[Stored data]
BEGIN

Hypothesis Y0_eq0 : forall i, Y0 i = 0.

Lemma nc_ite (Z : {set 'I_N}) (c : R) :
  nc Y1 Y0 Z c = #|Z :&: [set i | c < ite Y1 Y0 i]|.
Proof. by rewrite nc_treated; apply: eq_card => i; rewrite !inE /ite Y0_eq0 subr0. Qed.

Lemma sorted_ite_coverage (k : nat) (alpha : R) : (0 < k <= N)%N -> 0 <= alpha < 1 ->
  1 - alpha <= cre_prob N1 (fun Z : {set 'I_N} =>
    ge_yord Y1 Y0 Z (k_alpha N N1 k alpha) (sorted_ite Y1 Y0 k)).
Proof.
move=> hk ha; set B := [set i | sorted_ite Y1 Y0 k < ite Y1 Y0 i].
apply: le_trans (hyper_pvalue_valid N1_le_N B ha) _.
apply: cre_prob_le => Z hZ pv; rewrite -pH_gt_ge_yord //; apply: lt_le_trans pv _.
by rewrite /pH nc_ite; apply: G_H_le_marked; rewrite card_gt_sorted_ite ?leq_subr.
Qed.

Lemma Nc_coverage (c alpha : R) : 0 <= alpha < 1 ->
  1 - alpha <= cre_prob N1 (fun Z : {set 'I_N} =>
    [exists k : 'I_N.+1, (alpha < pH Y1 Y0 N1 Z k c) && (Nc Y1 Y0 c == N - k)%N]).
Proof.
move=> ha; set B := [set i | c < ite Y1 Y0 i].
(* The witness is the true k = N - N(c), for which n(c) = |Z :&: B|. *)
have B_le_N : (#|B| <= N)%N by rewrite -[X in (_ <= X)%N]card_ord max_card.
apply: le_trans (hyper_pvalue_valid N1_le_N B ha) _.
apply: cre_prob_le => Z _ pv; apply/existsP; exists (inord (N - #|B|)).
by rewrite inordK ?ltnS ?leq_subr // subKn // /pH subKn // nc_ite pv eqxx.
Qed.
Lemma is_tilde_unique e e' y : is_tilde y e -> is_tilde y e' -> e = e'.
Proof.
move=> h h'; apply: funext => n; apply/eqP; apply: contraT => hne.
have [m hm hmin] := ex_minnP (ex_intro (fun n => e n != e' n) n hne).
have heq i : (i < m)%N -> e i = e' i.
  by move=> hi; apply/eqP; apply: contraT => /hmin; rewrite leqNgt hi.
move: hm; case em: (e m); case em': (e' m) => // _; exfalso.
  by apply: (is_tilde_first_diff h' h) em' em => i /heq.
exact: (is_tilde_first_diff h h' heq).
Qed.

Lemma inf_ones_is_tilde e : inf_ones e -> is_tilde (val_inf e : R) e.
Proof.
move=> he; split=> //; have -> : (fun n => dyadic (iprefix e n) : R) = dpart e.
  by apply: funext => n; rewrite dyadic_iprefix.
exact: dpart_cvg.
Qed.

Lemma inf_ones_tilde e : inf_ones e -> tilde (val_inf e : R) = e.
Proof.
move=> he; have he' : is_tilde (val_inf e : R) e := inf_ones_is_tilde he.
by apply: (is_tilde_unique _ he'); apply: xgetPex; exists e.
Qed.

Lemma inf_ones_val_range e : inf_ones e -> 0 < (val_inf e : R) <= 1.
Proof.
move=> he; have hc := dpart_cvg (R := R) (e := e).
rewrite (lim_le _ hc) ?andbT => [|n]; last exact: dpart_le1.
have [p _ hp] := he 0%N; have hp1 := inv_pow2_gt0 (R := R) p.+1.
apply: (lt_le_trans hp1); apply: (lim_ge (N := p.+1) _ hc) => n hn.
apply: le_trans (dpart_mono e hn).
by rewrite dpartS hp mul1r lerDr dpart_ge0.
Qed.

End TildeExpansion.

Section Concatenation.
Implicit Types (u : nat -> seq bool) (w : iword).

Lemma cat_prefixS u n : cat_prefix u n.+1 = cat_prefix u n ++ u n.
Proof. by rewrite /cat_prefix -addn1 iotaD map_cat flatten_cat /= cats0. Qed.

Lemma size_cat_prefix u j :
  (forall i, u i != [::]) -> (j <= size (cat_prefix u j))%N.
Proof.
move=> hu; elim: j => [//|j IH].
by rewrite cat_prefixS size_cat -addn1 leq_add // lt0n size_eq0.
Qed.

Lemma inf_concat_prefix w u j : is_inf_concat w u ->
  cat_prefix u j = iprefix w (size (cat_prefix u j)).
Proof.
move=> hw; apply: (@eq_from_nth _ false); first by rewrite size_mkseq.
by move=> i hi; rewrite nth_mkseq // -hw.
Qed.

End Concatenation.

Lemma neq_tuple_has_one k (t1 t2 : k.-tuple bool) : t1 != t2 ->
  exists2 i, (i < k)%N & nth false t1 i || nth false t2 i.
Proof.
move=> hne; case: (boolP [exists i : 'I_k, tnth t1 i || tnth t2 i]).
  by move/existsP => [i hi]; exists i => //; rewrite -!tnth_nth.
move/existsPn => h; case/negP: hne; apply/eqP/eq_from_tnth => i.
by move: (h i); case: (tnth t1 i); case: (tnth t2 i).
Qed.

Section Interleaving.
Variables (k : nat) (sigma : k.-tuple bool -> seq bool).
Variables (weps : k.-tuple bool) (b : nat -> k.-tuple bool).
Hypothesis k_gt0 : (0 < k)%N.
Hypothesis sigma_weps : sigma weps = [::].
Hypothesis sigma_b : forall i, sigma (b i) != [::].

Lemma b_neq_weps i : b i != weps.
Proof. by apply: contra (sigma_b i) => /eqP ->; rewrite sigma_weps. Qed.

(* Blocks 2i and 2i+1 are (b i, weps) if c i holds, (weps, b i) otherwise. *)
Definition interleave_block (c : nat -> bool) j :=
  if c j./2 (+) odd j then b j./2 else weps.

Definition interleave_word (c : nat -> bool) : iword :=
  fun n => nth false (interleave_block c (n %/ k)) (n %% k).

Lemma interleave_word_at c j i : (i < k)%N ->
  interleave_word c (j * k + i) = nth false (interleave_block c j) i.
Proof.
by move=> hi; rewrite /interleave_word divnMDl // divn_small // addn0
  modnMDl modn_small.
Qed.

Lemma block_interleave c j : block k (interleave_word c) j = interleave_block c j.
Proof.
apply: eq_from_tnth => i.
by rewrite tnth_mktuple interleave_word_at // (tnth_nth false).
Qed.

Lemma block_per_word j : block k (per_word weps) j = weps.
Proof.
apply: eq_from_tnth => i.
by rewrite tnth_mktuple /per_word modnMDl modn_small // (tnth_nth false).
Qed.

Lemma interleave_even c i :
  interleave_block c i.*2 = if c i then b i else weps.
Proof. by rewrite /interleave_block odd_double half_double addbF. Qed.

Lemma interleave_odd c i :
  interleave_block c i.*2.+1 = if c i then weps else b i.
Proof.
by rewrite /interleave_block /= odd_double uphalf_double /=; case: (c i).
Qed.

(* Every position i is followed by a copy of b i and of weps. *)
Lemma interleave_word_inf_ones c : inf_ones (interleave_word c).
Proof.
move=> n; have [i hi h] := neq_tuple_has_one (b_neq_weps n).
have late j : (n.*2 <= j)%N -> (n <= j * k + i)%N.
  move=> hj; apply: leq_trans (leq_addr _ _); apply: leq_trans (leq_pmulr _ k_gt0).
  by apply: leq_trans hj; rewrite -addnn leq_addr.
have [jb hjb jbP] : exists2 j, (n.*2 <= j)%N & interleave_block c j = b n.
  by case hc: (c n); [exists n.*2; rewrite ?interleave_even ?hc |
    exists n.*2.+1; rewrite ?interleave_odd ?hc].
have [jw hjw jwP] : exists2 j, (n.*2 <= j)%N & interleave_block c j = weps.
  by case hc: (c n); [exists n.*2.+1; rewrite ?interleave_odd ?hc |
    exists n.*2; rewrite ?interleave_even ?hc].
case/orP: h => h.
  by exists (jb * k + i)%N; [exact: late hjb | rewrite interleave_word_at // jbP].
by exists (jw * k + i)%N; [exact: late hjw | rewrite interleave_word_at // jwP].
Qed.

Lemma interleave_word_not_per c : interleave_word c <> per_word weps.
Proof.
move=> h; have := block_interleave c (~~ c 0%N).
rewrite h block_per_word /interleave_block.
case hc: (c 0%N); rewrite /= hc /= => hw.
all: by move: (b_neq_weps 0); rewrite -hw eqxx.
Qed.

Lemma interleave_word_inj : injective interleave_word.
Proof.
move=> c c' h; apply: funext => i.
have : interleave_block c i.*2 = interleave_block c' i.*2.
  by rewrite -!block_interleave h.
have := b_neq_weps i; rewrite !interleave_even.
by case: (c i); case: (c' i) => // /negbTE hb /eqP; rewrite ?hb // eq_sym hb.
Qed.

Lemma subst_prefix_interleave c n :
  subst_prefix sigma (interleave_word c) n =
  cat_prefix (fun j => sigma (interleave_block c j)) n.
Proof.
by congr cat_prefix; apply: funext => j; rewrite block_interleave.
Qed.

Lemma subst_interleave_even c i :
  cat_prefix (fun j => sigma (interleave_block c j)) i.*2 =
  cat_prefix (fun j => sigma (b j)) i.
Proof.
elim: i => [//|i IH]; rewrite doubleS !cat_prefixS IH.
rewrite interleave_even interleave_odd -catA.
by case: (c i); rewrite sigma_weps ?cats0.
Qed.

Lemma subst_interleave c n : exists2 j, (n./2 <= j)%N &
  subst_prefix sigma (interleave_word c) n = cat_prefix (fun j => sigma (b j)) j.
Proof.
rewrite subst_prefix_interleave -(odd_double_half n).
case: (odd n) => /=; last first.
  by exists n./2; rewrite ?add0n ?half_double ?subst_interleave_even.
rewrite add1n cat_prefixS subst_interleave_even interleave_even uphalf_double.
case: (c n./2); last by exists n./2; rewrite ?sigma_weps ?cats0.
by exists n./2.+1; rewrite ?cat_prefixS.
Qed.

Lemma f_sigma_interleave {R : realType} (x : R) (w : iword) c :
  is_inf_concat w (fun i => sigma (b i)) ->
  (forall n, `|x - dpart w n| <= (2 ^+ n)^-1) ->
  f_sigma sigma weps (val_inf (interleave_word c) : R) = x.
Proof.
move=> hcat happrox; have hones := interleave_word_inf_ones c.
rewrite /f_sigma asboolT; last first.
  split; first exact: inf_ones_val_range.
  by rewrite inf_ones_tilde //; exact: interleave_word_not_per.
rewrite inf_ones_tilde // /val_subst; apply: cvg_lim => //.
apply: cvg_pow2_rate => n; have [j hj ->] := subst_interleave c n.
rewrite (inf_concat_prefix _ hcat) dyadic_iprefix; eexists; last exact: happrox.
by apply: leq_trans hj (size_cat_prefix _ _).
Qed.

End Interleaving.

(* Cantor's diagonal argument: infinite binary sequences do not inject into
   nat, so a set receiving an injection from them is uncountable. *)
Lemma no_injection_bits_nat (h : (nat -> bool) -> nat) : ~ injective h.
Proof.
move=> hinj; pose d n := ~~ `[< exists c, h c = n /\ c n >].
have hd : `[< exists c, h c = h d /\ c (h d) >] = d (h d).
  apply/asboolP/idP => [[c [hc hcn]] | H]; last by exists d.
  by move: hcn; rewrite (hinj _ _ hc).
have : d (h d) = ~~ d (h d) by rewrite {1}/d hd.
by case: (d (h d)).
Qed.

Lemma uncountable_of_injection {T} (A : set T) (g : (nat -> bool) -> T) :
  (forall c, A (g c)) -> injective g -> ~ countable A.
Proof.
move=> gA ginj /countable_injP[f finj].
apply: (no_injection_bits_nat (h := f \o g)) => c c' /= hfg.
by apply: ginj; apply: finj; rewrite ?inE.
Qed.
Lemma exists_conformal_circuit m n (A : 'M[int]_(m, n)) v :
  kerZ A v -> v != 0 -> exists2 c, circuit A c & conformal c v.
Proof.
move=> Av v_neq0.
have [c [Ac c_neq0 cv] cmin] := exists_conformal_minimal_support Av v_neq0.
have [g g_gt0 [c1 cE c1_prim]] := exists_primitive_part c_neq0.
have g_neq0 : g != 0 by rewrite gt_eqF.
exists c1; last by apply: conformal_trans cv; rewrite cE; apply: conformalZr.
split=> //; first by apply: kerZZ g_neq0 _; rewrite -cE.
  by apply: contraNneq c_neq0 => c10; rewrite cE c10 scaler0.
move=> w Aw w_neq0 wc1; apply/eqP; rewrite eqEsubset wc1 /=; apply/negPn/negP => ne.
by apply: (cmin w Aw w_neq0); rewrite cE vsuppZ // properE wc1.
Qed.

Lemma Tmin_upos_supp_not_proper (K : fieldType) m n (L : 'rV[int]_m -> Prop)
    (A : 'M[int]_(m, n)) E u :
  is_lattice L -> (forall u, Sat L u <-> kerZ A u) -> @Tmin K m L E ->
  kerZ A u -> u != 0 -> ~ mnmsupp (upos u) \proper E.
Proof.
move=> L_lattice SatL [_ Emin] Au u_neq0 uE.
have [k k_gt0 Lku] := Sat_pos_multiple L_lattice ((SatL u).2 Au).
have ku_neq0 : k *: u != 0 by rewrite scalemx_eq0 negb_or gt_eqF.
have [v vmin vku] := exists_minimal_upos Lku ku_neq0.
have vu : mnmsupp (upos v) \subset mnmsupp (upos u).
  exact: subset_trans (mnmsupp_lem vku) (conformal_mnmsupp_upos (conformalZl _ k_gt0)).
have v_indisp : indisp_supports K L (mnmsupp (upos v)).
  by exists (upos v); split=> //; apply: minimal_upos_indispensable.
have vE := Emin _ v_indisp (subset_trans vu (proper_sub uE)).
by move: uE; rewrite properE -vE vu andbF.
Qed.

Theorem lemma2p5 (K : fieldType) (m n : nat) (L : 'rV[int]_m -> Prop)
  (A : 'M[int]_(m, n)) (E : {set 'I_m}) :
  is_lattice L ->
  (exists u, L u /\ u != 0) ->
  (forall u, L u -> (forall i, 0 <= u ord0 i) -> u = 0) ->
  (forall u, Sat L u <-> kerZ A u) ->
  @Tmin K m L E ->
  (~ exists u, circuit A u /\
       (mnmsupp (upos u) \proper E \/ mnmsupp (uneg u) \proper E)) /\
  (exists u, circuit A u /\ (mnmsupp (upos u) = E \/ mnmsupp (uneg u) = E)).
Proof.
move=> L_lattice _ _ SatL TminE.
have not_proper := Tmin_upos_supp_not_proper L_lattice SatL TminE.
split.
  case=> u [[Au u_neq0 _ _] [uE|uE]]; first exact: not_proper Au u_neq0 uE.
  by apply: (not_proper _ (kerZN Au)); rewrite ?oppr_eq0 ?uposN.
have [[w [w_indisp wE]] _] := TminE.
have [v [Lv v_neq0] vw] := indispensable_upos L_lattice w_indisp.
have Av : kerZ A v by apply/SatL; exists 1; rewrite scale1r.
have [c c_circuit cv] := exists_conformal_circuit Av v_neq0.
exists c; split=> //; left; case: c_circuit => Ac c_neq0 _ _.
have cE : mnmsupp (upos c) \subset E by rewrite -wE -vw conformal_mnmsupp_upos.
by apply/eqP; rewrite eqEproper cE /=; apply/negP/not_proper.
Qed.
Lemma lext_is_linear : linear (lext h).
Proof.
move=> a u v; pose d := (msupp u `|` msupp v)%fset.
have le_ud : (msupp u `<=` d)%fset by apply: fsubsetUl.
have le_vd : (msupp v `<=` d)%fset by apply: fsubsetUr.
have le_uvd : (msupp (a *: u + v) `<=` d)%fset.
  apply: fsubset_trans (msuppD_le _ _) _; apply/fsetUSS => //.
  exact: fsubset_trans (msuppZ_le _ _) _.
rewrite (lextE le_uvd) (lextE le_ud) (lextE le_vd) scaler_sumr -big_split /=.
by apply: eq_bigr => k _; rewrite mcoeffD mcoeffZ scalerDl scalerA.
Qed.

HB.instance Definition _ :=
  GRing.isLinear.Build Qq {malg Qq[ptn]} M *:%R (lext h) lext_is_linear.

Lemma eq_lext (h' : ptn -> M) : h =1 h' -> lext h =1 lext h'.
Proof. by move=> eq_h v; apply: eq_bigr => k _; rewrite eq_h. Qed.

Lemma lext_comp (N : lmodType Qq) (f : {linear M -> N}) v :
  f (lext h v) = lext (f \o h) v.
Proof. by rewrite linear_sum; apply: eq_bigr => k _; rewrite linearZ. Qed.

End LinearExtension.

Lemma lext_id : lext (fun k => << k >>) =1 id.
Proof.
move=> v; rewrite [RHS]monalgE; apply: eq_bigr => k _.
by apply/malgP => k'; rewrite mcoeffZ !mcoeffU mulr_natr.
Qed.

Lemma lext_basis_cancel (s t : ptn -> ptn) : cancel s t ->
  cancel (lext (fun k => << s k >> : {malg Qq[ptn]}))
         (lext (fun k => << t k >> : {malg Qq[ptn]})).
Proof.
move=> st v; rewrite lext_comp -[RHS]lext_id.
by apply: eq_lext => k /=; rewrite lextU st.
Qed.

Local Close Scope ring_scope.

Lemma leq_nth_count (s : seq nat) i j : sorted geq s -> 0 < j ->
  (j <= nth 0 s i) = (i < count (leq j) s).
Proof.
elim: s i => [|y s IH] i /= sorted_ys j_gt0; first by rewrite nth_nil leqNgt j_gt0.
have ge_y : all (geq y) s.
  by apply: order_path_min sorted_ys => b a c le_ba le_cb; exact: leq_trans le_cb le_ba.
have [le_jy | lt_yj] := leqP j y.
  by case: i => [|i] /=; rewrite ?le_jy // add1n ltnS IH // (path_sorted sorted_ys).
have ->: count (leq j) s = 0.
  apply/eqP; rewrite -leqn0 leqNgt -has_count; apply/hasPn => x /(allP ge_y) le_xy.
  by rewrite -ltnNge (leq_ltn_trans le_xy lt_yj).
have nle_jy : (j <= y) = false by rewrite leqNgt lt_yj.
case: i => [|i] /=; rewrite ?nle_jy // add0n ltn0; apply/negbTE; rewrite -ltnNge.
have le_nth_y : nth 0 s i <= y.
  have [lt_is | ] := ltnP i (size s); last by move=> /(nth_default 0) ->.
  exact: (allP ge_y) _ (mem_nth 0 lt_is).
exact: leq_ltn_trans le_nth_y lt_yj.
Qed.

Lemma part_conj_part (l : ptn) j : 0 < j -> part (conj_part l) j = count (leq j) l.
Proof.
move=> j_gt0; rewrite /part /= /conj_seq.
have [lt_jm | le_mj] := ltnP j.-1 (foldr maxn 0 l).
  by rewrite (nth_map 0) ?size_iota // nth_iota // add1n prednK.
rewrite nth_default ?size_map ?size_iota //; apply/esym/eqP.
rewrite -leqn0 leqNgt -has_count; apply/hasPn => x l_x; rewrite -ltnNge.
apply: leq_ltn_trans (_ : x <= foldr maxn 0 l) _; last by rewrite -(prednK j_gt0).
by elim: (pval l) l_x => //= y s IH; rewrite in_cons leq_max => /orP[/eqP->|/IH->];
  rewrite ?leqnn ?orbT.
Qed.

Lemma leq_part_conj (l : ptn) i j : 0 < i -> 0 < j ->
  (j <= part l i) = (i <= part (conj_part l) j).
Proof.
move=> i_gt0 j_gt0; rewrite part_conj_part // /part leq_nth_count ?prednK //.
by case/andP: (pvalP l).
Qed.

Lemma part_gt0 (l : ptn) i : 0 < i -> i <= size l -> 0 < part l i.
Proof.
move=> i_gt0 le_il; case/andP: (pvalP l) => _ /allP; apply; apply: mem_nth.
by rewrite prednK.
Qed.

Lemma eq_from_part (l l' : ptn) : (forall i, 0 < i -> part l i = part l' i) -> l = l'.
Proof.
move=> eq_part; apply: val_inj => /=.
have eq_nth i : nth 0 l i = nth 0 l' i by exact: (eq_part i.+1).
have eq_size : size l = size l'.
  apply/eqP; rewrite eqn_leq; apply/andP; split; rewrite leqNgt; apply/negP => lt_size.
    by have := part_gt0 (ltn0Sn _) lt_size; rewrite /part /= eq_nth nth_default.
  by have := part_gt0 (ltn0Sn _) lt_size; rewrite /part /= -eq_nth nth_default.
by apply: (eq_from_nth (x0 := 0)) => // i _; exact: eq_nth.
Qed.

Lemma conj_partK : involutive conj_part.
Proof.
move=> l; apply: eq_from_part => i i_gt0.
have leq_conjK j : 0 < j -> (j <= part (conj_part (conj_part l)) i) = (j <= part l i).
  by move=> j_gt0; rewrite -leq_part_conj // [RHS]leq_part_conj.
apply/eqP; rewrite eqn_leq; apply/andP; split.
  have [-> // | lhs_gt0] := posnP (part (conj_part (conj_part l)) i).
  by rewrite -leq_conjK.
have [-> // | rhs_gt0] := posnP (part l i).
by rewrite leq_conjK.
Qed.

Lemma part_nonincr (l : ptn) i k : 0 < i -> i <= k -> part l k <= part l i.
Proof.
move=> i_gt0 le_ik; case E: (part l k) => [//|j].
have k_gt0 : 0 < k by exact: leq_trans le_ik.
have := leq_part_conj l k_gt0 (ltn0Sn j); rewrite E leqnn => /esym le_k.
by rewrite leq_part_conj // (leq_trans le_ik le_k).
Qed.

Local Open Scope ring_scope.

Lemma memW_conj_part_notV (l : ptn) x : memW (conj_part l) x -> ~ memV l x.
Proof.
move=> [j [j_gt0 ->]] [i [i_gt0 eq_x]].
by have := leq_part_conj l i_gt0 j_gt0; case: leqP => /esym ?; lia.
Qed.

Lemma notV_memW_conj_part (l : ptn) x : ~ memV l x -> memW (conj_part l) x.
Proof.
move=> notV_x.
have ex_i : exists i, (0 < i)%N && ((part l i)%:Z - i%:Z + 1 <= x).
  exists (size l + `|x| + 1)%N; rewrite /part nth_default; last by lia.
  by apply/andP; split; lia.
(* i is the first index with l_i - i + 1 <= x; then x = j - l'_j for j = x + i - 1. *)
case: (ex_minnP ex_i) => i /andP [i_gt0 le_ix] min_i.
have lt_ix : (part l i)%:Z - i%:Z + 1 < x.
  by rewrite lt_neqAle le_ix andbT; apply/eqP => eq_x; apply: notV_x; exists i.
have lt_x_pred : (1 < i)%N -> x < (part l i.-1)%:Z - (i.-1)%:Z + 1.
  move=> i_gt1; rewrite ltNge; apply/negP => le_x.
  by have := min_i i.-1; rewrite le_x andbT; lia.
pose j := absz (x + i%:Z - 1)%R.
have eq_j : j%:Z = x + i%:Z - 1 by rewrite /j; lia.
have j_gt0 : (0 < j)%N by lia.
have lt_conj : (part (conj_part l) j < i)%N by rewrite ltnNge -leq_part_conj //; lia.
have le_conj : (i.-1 <= part (conj_part l) j)%N.
  have [i_gt1 | ] := ltnP 1 i; last by lia.
  by rewrite -leq_part_conj; [have := lt_x_pred i_gt1; lia | lia | done].
by exists j; split => //; lia.
Qed.

Lemma memW_conj_part (l : ptn) x : memW (conj_part l) x <-> ~ memV l x.
Proof. by split; [apply: memW_conj_part_notV | apply: notV_memW_conj_part]. Qed.

Lemma memW_conjV (m : ptn) x : memW m x <-> ~ memV (conj_part m) x.
Proof. by rewrite -{1}(conj_partK m) memW_conj_part. Qed.

Lemma part_le_of_memV_sub (l l' : ptn) i :
  (forall x, memV l x -> memV l' x) ->
  (forall k, (0 < k < i)%N -> part l k = part l' k) -> (0 < i)%N ->
  (part l i <= part l' i)%N.
Proof.
move=> sub_ll' eq_below i_gt0.
have [k [k_gt0 eq_k]] : memV l' ((part l i)%:Z - i%:Z + 1) by apply: sub_ll'; exists i.
have [lt_ki | le_ik] := ltnP k i.
  have eq_part_k : part l k = part l' k by apply: eq_below; rewrite k_gt0 lt_ki.
  by have := part_nonincr l k_gt0 (ltnW lt_ki); lia.
have := part_nonincr l' i_gt0 le_ik; lia.
Qed.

END

● **What to produce**: Check all the records above and select each line where the string "maxn" is found.

● **Exercise output**:
have [lt_jm | le_mj] := ltnP j.-1 (foldr maxn 0 l).
apply: leq_ltn_trans (_ : x <= foldr maxn 0 l) _; last by rewrite -(prednK j_gt0).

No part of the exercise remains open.